# Example

In [3]:
from generator import generate_nodes
import numpy as np

Let us generate a random network with k nodes and n data points.



In [2]:
n = 10_000_000  # size of data
k = 1024  # number of nodes
h = 20  # height of the tree

In [4]:
network, node_root, data, height = generate_nodes(n, k, h, split_deviation=0.0, random_gen=np.random.standard_normal,
                                                  graph_partition=True)

Sort the data so we can easily get n-th quantile.

In [5]:
data = np.sort(data)

We want to get q-th quantile.

In [8]:
q = 0.25
i = q * n

In [15]:
per = np.percentile(data, q * 100)
print("orig rank:", i)
print("orig numpy quantile:", per)
print("exact quantile:", data[int(i)])

orig rank: 2500000.0
orig numpy quantile: -0.6739484243114819
exact quantile: -0.6739481797451743


Desired error

In [16]:
eps = 0.0001
print(f"max rank error should be {eps * n}")

max rank error should be 1000.0


Create new task in the root node.

In [18]:
node_root.new_task(eps)

Now we can query the root node

In [21]:
rank = np.where(data == node_root.rank_query(i))[0][0]
print("result quantile: ", node_root.rank_query(i))
print("result rank:", np.where(data == node_root.rank_query(i))[0][0])
print("error:", np.abs(rank - i))
print("stat:", network.stat)

result quantile:  -0.6740154258383808
result rank: 2499803
error: 197.0
stat: {<MessageType.NEW_NODE: -1>: 1275, <MessageType.NEW_TASK: 0>: 102, <MessageType.RESULT: 1>: 664090, <MessageType.NEW_SUPER_NODE_TASK: -2>: 1944, <MessageType.NEW_SUPER_NODE_AGGREGATE: 3>: 2720927, <MessageType.SUPER_NODE_TASK_RESULT: 4>: 136378, <MessageType.SUPER_NODE_AGGREGATE_RESULT: 5>: 2720927}


As one can see, the result is very similar to what the exact and numpy quantiles.
The rank error is within the desired error.

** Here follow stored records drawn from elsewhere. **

(* Let $C$ be a small 2-category in which every 2-cell is invertible, let $n\ge 2$ and $1\le k\le n-1$. Then the square with maps $N^{k-1}_nC\to N^k_nC$ (restriction), $N^{k-1}_nC\to C_2$ ($u\mapsto u_{n,k,k-1}$), $\phi^k_n\colon N^k_nC\to C_1$, $\phi^k_n(u)=u_{n,k}\circ u_{k,k-1}$, and the target map $t\colon C_2\to C_1$ is a set-theoretic pullback; that is, the induced map $N^{k-1}_nC\to N^k_nC\times_{C_1}C_2$ is a bijection.
   Context: The nerve $NC$ of a 2-category $C$ is the simplicial set whose $n$-simplices are normal lax functors $[n]\dashrightarrow C$ (where $[n]=\{0<\dots<n\}$ is viewed as a 2-category with only identity 2-cells), with simplicial operators given by precomposition. Concretely an $n$-simplex $u$ is given by objects $u_i$, arrows $u_{j,i}\colon u_i\to u_j$ for $i<j$ (with $u_{i,i}=\mathrm{id}$), and 2-cells $u_{l,j,i}\colon u_{l,i}\Rightarrow u_{l,j}\circ u_{j,i}$ for $i<j<l$ (identities when two indices coincide), such that for each $i<j<k<l$: $(u_{l,k}\circ u_{k,j,i})\bullet u_{l,k,i}=(u_{l,k,j}\circ u_{j,i})\bullet u_{l,j,i}$. Simplices of $\Delta^n$ are order-preserving maps $a\colon[m]\to[n]$. For $0\le k\le n-1$ let $F_k\Delta^n\subset\Delta^n$ be the simplicial subset of those $a\colon[m]\to[n]$ with $a(m)<n$ or $a(0)\ge k$ (so $F_0\Delta^n=\Delta^n$; it is the union of the face $d_n\Delta^n\cong\Delta^{n-1}$ with the face spanned by vertices $k,\dots,n$), and let $N^k_nC$ be the set of simplicial maps $F_k\Delta^n\to NC$; thus $N^0_nC=NC_n$ and restriction gives maps $N^{k-1}_nC\to N^k_nC$. For $u\in N^k_nC$ we use the notation $u_i,u_{j,i},u_{l,j,i}$ for the images of the vertices, edges and triangles contained in $F_k\Delta^n$. $C_1$, $C_2$ denote the sets of arrows and 2-cells, and $t$ the target of 2-cells. *)

From mathcomp Require Import all_boot.
Set Implicit Arguments. Unset Strict Implicit. Unset Printing Implicit Defensive.

(* Strict (small) 2-categories, presented "set-theoretically":         *)
(* objects, arrows (C_1) and 2-cells (C_2) with source/target maps and *)
(* composition operations; the axioms are required on composable data. *)
(*   comp g f   = g o f           (f : a -> b, g : b -> c)             *)
(*   vcomp b a  = b . a (vertical) (a : f => g, b : g => h)            *)
(*   hcomp b a  = b o a (horizontal)                                   *)
Record TwoCat := {
  Ob : Type; Ar : Type; Cell : Type;
  src : Ar -> Ob; tgt : Ar -> Ob; id1 : Ob -> Ar; comp : Ar -> Ar -> Ar;
  s2 : Cell -> Ar; t2 : Cell -> Ar; id2 : Ar -> Cell;
  vcomp : Cell -> Cell -> Cell; hcomp : Cell -> Cell -> Cell;
  src_id1 : forall a, src (id1 a) = a;
  tgt_id1 : forall a, tgt (id1 a) = a;
  src_comp : forall g f, src g = tgt f -> src (comp g f) = src f;
  tgt_comp : forall g f, src g = tgt f -> tgt (comp g f) = tgt g;
  comp_id1r : forall f, comp f (id1 (src f)) = f;
  comp_id1l : forall f, comp (id1 (tgt f)) f = f;
  compA : forall h g f, src h = tgt g -> src g = tgt f ->
    comp h (comp g f) = comp (comp h g) f;
  src_s2t2 : forall a, src (s2 a) = src (t2 a);
  tgt_s2t2 : forall a, tgt (s2 a) = tgt (t2 a);
  s2_id2 : forall f, s2 (id2 f) = f;
  t2_id2 : forall f, t2 (id2 f) = f;
  s2_vcomp : forall b a, s2 b = t2 a -> s2 (vcomp b a) = s2 a;
  t2_vcomp : forall b a, s2 b = t2 a -> t2 (vcomp b a) = t2 b;
  vcomp_id2r : forall a, vcomp a (id2 (s2 a)) = a;
  vcomp_id2l : forall a, vcomp (id2 (t2 a)) a = a;
  vcompA : forall c b a, s2 c = t2 b -> s2 b = t2 a ->
    vcomp c (vcomp b a) = vcomp (vcomp c b) a;
  s2_hcomp : forall b a, src (s2 b) = tgt (s2 a) ->
    s2 (hcomp b a) = comp (s2 b) (s2 a);
  t2_hcomp : forall b a, src (s2 b) = tgt (s2 a) ->
    t2 (hcomp b a) = comp (t2 b) (t2 a);
  hcomp_id1r : forall a, hcomp a (id2 (id1 (src (s2 a)))) = a;
  hcomp_id1l : forall a, hcomp (id2 (id1 (tgt (s2 a)))) a = a;
  hcompA : forall c b a, src (s2 c) = tgt (s2 b) -> src (s2 b) = tgt (s2 a) ->
    hcomp c (hcomp b a) = hcomp (hcomp c b) a;
  hcomp_id2 : forall g f, src g = tgt f -> hcomp (id2 g) (id2 f) = id2 (comp g f);
  interchange : forall b' b a' a, s2 b' = t2 b -> s2 a' = t2 a ->
    src (s2 b) = tgt (s2 a) ->
    hcomp (vcomp b' b) (vcomp a' a) = vcomp (hcomp b' a') (hcomp b a)
}.

Arguments src {_}. Arguments tgt {_}. Arguments id1 {_}. Arguments comp {_}.
Arguments s2 {_}. Arguments t2 {_}. Arguments id2 {_}.
Arguments vcomp {_}. Arguments hcomp {_}.

Definition cells_invertible (C : TwoCat) : Prop :=
  forall a : Cell C, exists b : Cell C,
    [/\ s2 b = t2 a, t2 b = s2 a, vcomp b a = id2 (s2 a) & vcomp a b = id2 (t2 a)].

(* The nerve NC.  An m-simplex is a normal lax functor [m] -> C, given *)
(* by u_i (sob), u_{j,i} (sar j i) and u_{l,j,i} (scl l j i).          *)
(* Values at non-meaningful index triples (not i <= j, resp. not       *)
(* i <= j <= l) are fixed to canonical "junk" values so that the data  *)
(* of a simplex is exactly the data of a normal lax functor.           *)
Record sdata (C : TwoCat) (m : nat) := SData {
  sob : 'I_m.+1 -> Ob C;
  sar : 'I_m.+1 -> 'I_m.+1 -> Ar C;
  scl : 'I_m.+1 -> 'I_m.+1 -> 'I_m.+1 -> Cell C }.

Definition is_simplex (C : TwoCat) (m : nat) (u : sdata C m) : Prop :=
  (forall i j : 'I_m.+1, i <= j ->
        src (sar u j i) = sob u i /\ tgt (sar u j i) = sob u j) /\
  (forall i : 'I_m.+1, sar u i i = id1 (sob u i)) /\
  (forall i j l : 'I_m.+1, i <= j -> j <= l ->
        s2 (scl u l j i) = sar u l i /\
        t2 (scl u l j i) = comp (sar u l j) (sar u j i)) /\
  (forall i j l : 'I_m.+1, i <= j -> j <= l -> (i = j \/ j = l) ->
        scl u l j i = id2 (sar u l i)) /\
  (forall i j k l : 'I_m.+1, i < j -> j < k -> k < l ->
        vcomp (hcomp (id2 (sar u l k)) (scl u k j i)) (scl u l k i) =
        vcomp (hcomp (scl u l k j) (id2 (sar u j i))) (scl u l j i)) /\
      (forall i j : 'I_m.+1, j < i -> sar u j i = id1 (sob u i)) /\
      (forall i j l : 'I_m.+1, ~~ ((i <= j) && (j <= l)) ->
         scl u l j i = id2 (id1 (sob u i))).

Definition mono (m n : nat) :=
  {f : 'I_m.+1 -> 'I_n.+1 | forall i j : 'I_m.+1, i <= j -> f i <= f j}.

Definition mcomp (m' m n : nat) (a : mono m n) (b : mono m' m) : mono m' n :=
  @exist _ (fun f : 'I_m'.+1 -> 'I_n.+1 => forall i j : 'I_m'.+1, i <= j -> f i <= f j)
    (fun i => sval a (sval b i))
    (fun i j h => proj2_sig a _ _ (proj2_sig b _ _ h)).

Definition restr (C : TwoCat) (m m' : nat) (u : sdata C m) (b : mono m' m)
  : sdata C m' :=
  SData (fun i => sob u (sval b i))
    (fun j i => if i <= j then sar u (sval b j) (sval b i)
                else id1 (sob u (sval b i)))
    (fun l j i => if (i <= j) && (j <= l)
                  then scl u (sval b l) (sval b j) (sval b i)
                  else id2 (id1 (sob u (sval b i)))).

Definition inF (n k m : nat) (a : mono m n) : bool :=
  (sval a ord_max < n) || (k <= sval a ord0).

(* N^k_n C : simplicial maps F_k Delta^n -> NC *)
Record nerve_map (C : TwoCat) (n k : nat) := NMap {
  nm : forall m (a : mono m n), inF k a -> sdata C m;
  nm_simplex : forall m (a : mono m n) (Ha : inF k a), is_simplex (nm Ha);
  nm_nat : forall m m' (a : mono m n) (b : mono m' m)
    (Ha : inF k a) (Hab : inF k (mcomp a b)),
    nm Hab = restr (nm Ha) b }.

Lemma inF_pred (n k m : nat) (a : mono m n) : inF k a -> inF k.-1 a.
Proof.
rewrite /inF => /orP [->|h] //; apply/orP; right.
exact: leq_trans (leq_pred k) h.
Qed.

Definition resK (C : TwoCat) (n k : nat) (u : nerve_map C n k.-1)
  : nerve_map C n k :=
  @NMap C n k (fun m a Ha => nm u (inF_pred Ha))
    (fun m a Ha => nm_simplex u (inF_pred Ha))
    (fun m m' a b Ha Hab => @nm_nat C n k.-1 u m m' a b (inF_pred Ha) (inF_pred Hab)).

Definition edge (n : nat) (i j : 'I_n.+1) (h : i <= j) : mono 1 n.
Proof.
exists (fun t : 'I_2 => if val t is 0 then i else j).
move=> [[|[|s]] Hs] [[|[|t]] Ht] //= H; by rewrite ?leqnn.
Defined.

Definition tri (n : nat) (i j l : 'I_n.+1) (h1 : i <= j) (h2 : j <= l)
  : mono 2 n.
Proof.
exists (fun t : 'I_3 => match val t with 0 => i | 1 => j | _ => l end).
move=> [[|[|[|s]]] Hs] [[|[|[|t]]] Ht] //= H; rewrite ?leqnn //.
exact: leq_trans h1 h2.
Defined.

(* the vertices k-1, k, n of Delta^n, for k : 'I_n (i.e. k <= n-1) *)
Definition vk (n : nat) (k : 'I_n) : 'I_n.+1 := Ordinal (leqW (ltn_ord k)).
Definition vkm1 (n : nat) (k : 'I_n) : 'I_n.+1 :=
  Ordinal (leq_ltn_trans (leq_pred k) (leqW (ltn_ord k))).
Definition vn (n : nat) : 'I_n.+1 := ord_max.

Lemma le_km1_k (n : nat) (k : 'I_n) : vkm1 k <= vk k.
Proof. exact: leq_pred. Qed.
Lemma le_k_n (n : nat) (k : 'I_n) : vk k <= vn n.
Proof. exact: ltnW (ltn_ord k). Qed.

Definition tri_kn (n : nat) (k : 'I_n) : mono 2 n :=
  tri (le_km1_k k) (le_k_n k).
Definition edge_kn (n : nat) (k : 'I_n) : mono 1 n := edge (le_k_n k).
Definition edge_km1k (n : nat) (k : 'I_n) : mono 1 n := edge (le_km1_k k).

Lemma tri_kn_in (n : nat) (k : 'I_n) : inF k.-1 (tri_kn k).
Proof. by rewrite /inF /= leqnn orbT. Qed.
Lemma edge_kn_in (n : nat) (k : 'I_n) : inF k (edge_kn k).
Proof. by rewrite /inF /= leqnn orbT. Qed.
Lemma edge_km1k_in (n : nat) (k : 'I_n) : inF k (edge_km1k k).
Proof. by rewrite /inF /= ltn_ord. Qed.

Definition o3_0 : 'I_3 := ord0.
Definition o3_1 : 'I_3 := Ordinal (isT : 1 < 3).
Definition o3_2 : 'I_3 := ord_max.
Definition o2_0 : 'I_2 := ord0.
Definition o2_1 : 'I_2 := ord_max.

Definition cell_nkkm1 (C : TwoCat) (n : nat) (k : 'I_n)
  (u : nerve_map C n k.-1) : Cell C :=
  scl (nm u (tri_kn_in k)) o3_2 o3_1 o3_0.

Definition phi (C : TwoCat) (n : nat) (k : 'I_n) (u : nerve_map C n k) : Ar C :=
  comp (sar (nm u (edge_kn_in k)) o2_1 o2_0)
       (sar (nm u (edge_km1k_in k)) o2_1 o2_0).

(* A simplicial map F_j Delta^n -> NC is the same thing as its values on the
   vertices, edges and triangles of F_j Delta^n satisfying the axioms of a normal
   lax functor ([is_lax_skeleton]).  The simplices of F_{k-1} Delta^n that are not
   in F_k Delta^n are those with first vertex k-1 and last vertex n, so extending
   v in N^k_n C by u_{n,k,k-1} = x amounts to choosing the edge u_{n,k-1}, which
   must be the source of x, and the cells u_{n,q,k-1}: identities for q = k-1, n,
   x itself for q = k, and for k < q < n the cocycle condition on (k-1,k,q,n)
   forces
     u_{n,q,k-1} = (u_{n,q} o u_{q,k,k-1})^-1 . (u_{n,q,k} o u_{k,k-1}) . x,
   which gives uniqueness.  With this choice the remaining cocycle conditions, on
   (k-1,q,r,n) with k < q < r < n, follow from those on (k-1,k,q,r), (k,q,r,n),
   (k-1,k,q,n) and (k-1,k,r,n) after cancelling the invertible cell
   u_{n,r} o u_{r,q} o u_{q,k,k-1}. *)

From mathcomp Require Import all_boot zify.
From Stdlib Require Import FunctionalExtensionality ProofIrrelevance IndefiniteDescription.
Set Implicit Arguments. Unset Strict Implicit. Unset Printing Implicit Defensive.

Let us check the most famous quatiles for standard normal distribution.
Reference: https://www.researchgate.net/figure/True-Quantiles-and-Estimated-Quantiles-for-the-Standard-Normal-Distribution_tbl1_220504789

In [24]:
quantiles = [(0.01, -2.326), (0.025, -1.96), (0.05, -1.645), (0.1, -1.282), (0.5, 0.0), (0.9, 1.282), (0.95, 1.645),
             (0.975, 1.96), (0.99, 2.326)]

for q, val in quantiles:
    print(f"---\nQuantile {q}")
    print(f"Expected quantile value: {val}")
    print(f"Calculated quantile value: {node_root.rank_query(q * n)}")

---
Quantile 0.01
Expected quantile value: -2.326
Calculated quantile value: -2.324203086081388
---
Quantile 0.025
Expected quantile value: -1.96
Calculated quantile value: -1.9635812907712016
---
Quantile 0.05
Expected quantile value: -1.645
Calculated quantile value: -1.6452858117630766
---
Quantile 0.1
Expected quantile value: -1.282
Calculated quantile value: -1.2825414831287616
---
Quantile 0.5
Expected quantile value: 0.0
Calculated quantile value: 0.00038100629173741524
---
Quantile 0.9
Expected quantile value: 1.282
Calculated quantile value: 1.2807123994689054
---
Quantile 0.95
Expected quantile value: 1.645
Calculated quantile value: 1.644822066964553
---
Quantile 0.975
Expected quantile value: 1.96
Calculated quantile value: 1.9575637618396315
---
Quantile 0.99
Expected quantile value: 2.326
Calculated quantile value: 2.328399596276934


As you can see the network finds the quantile very closely!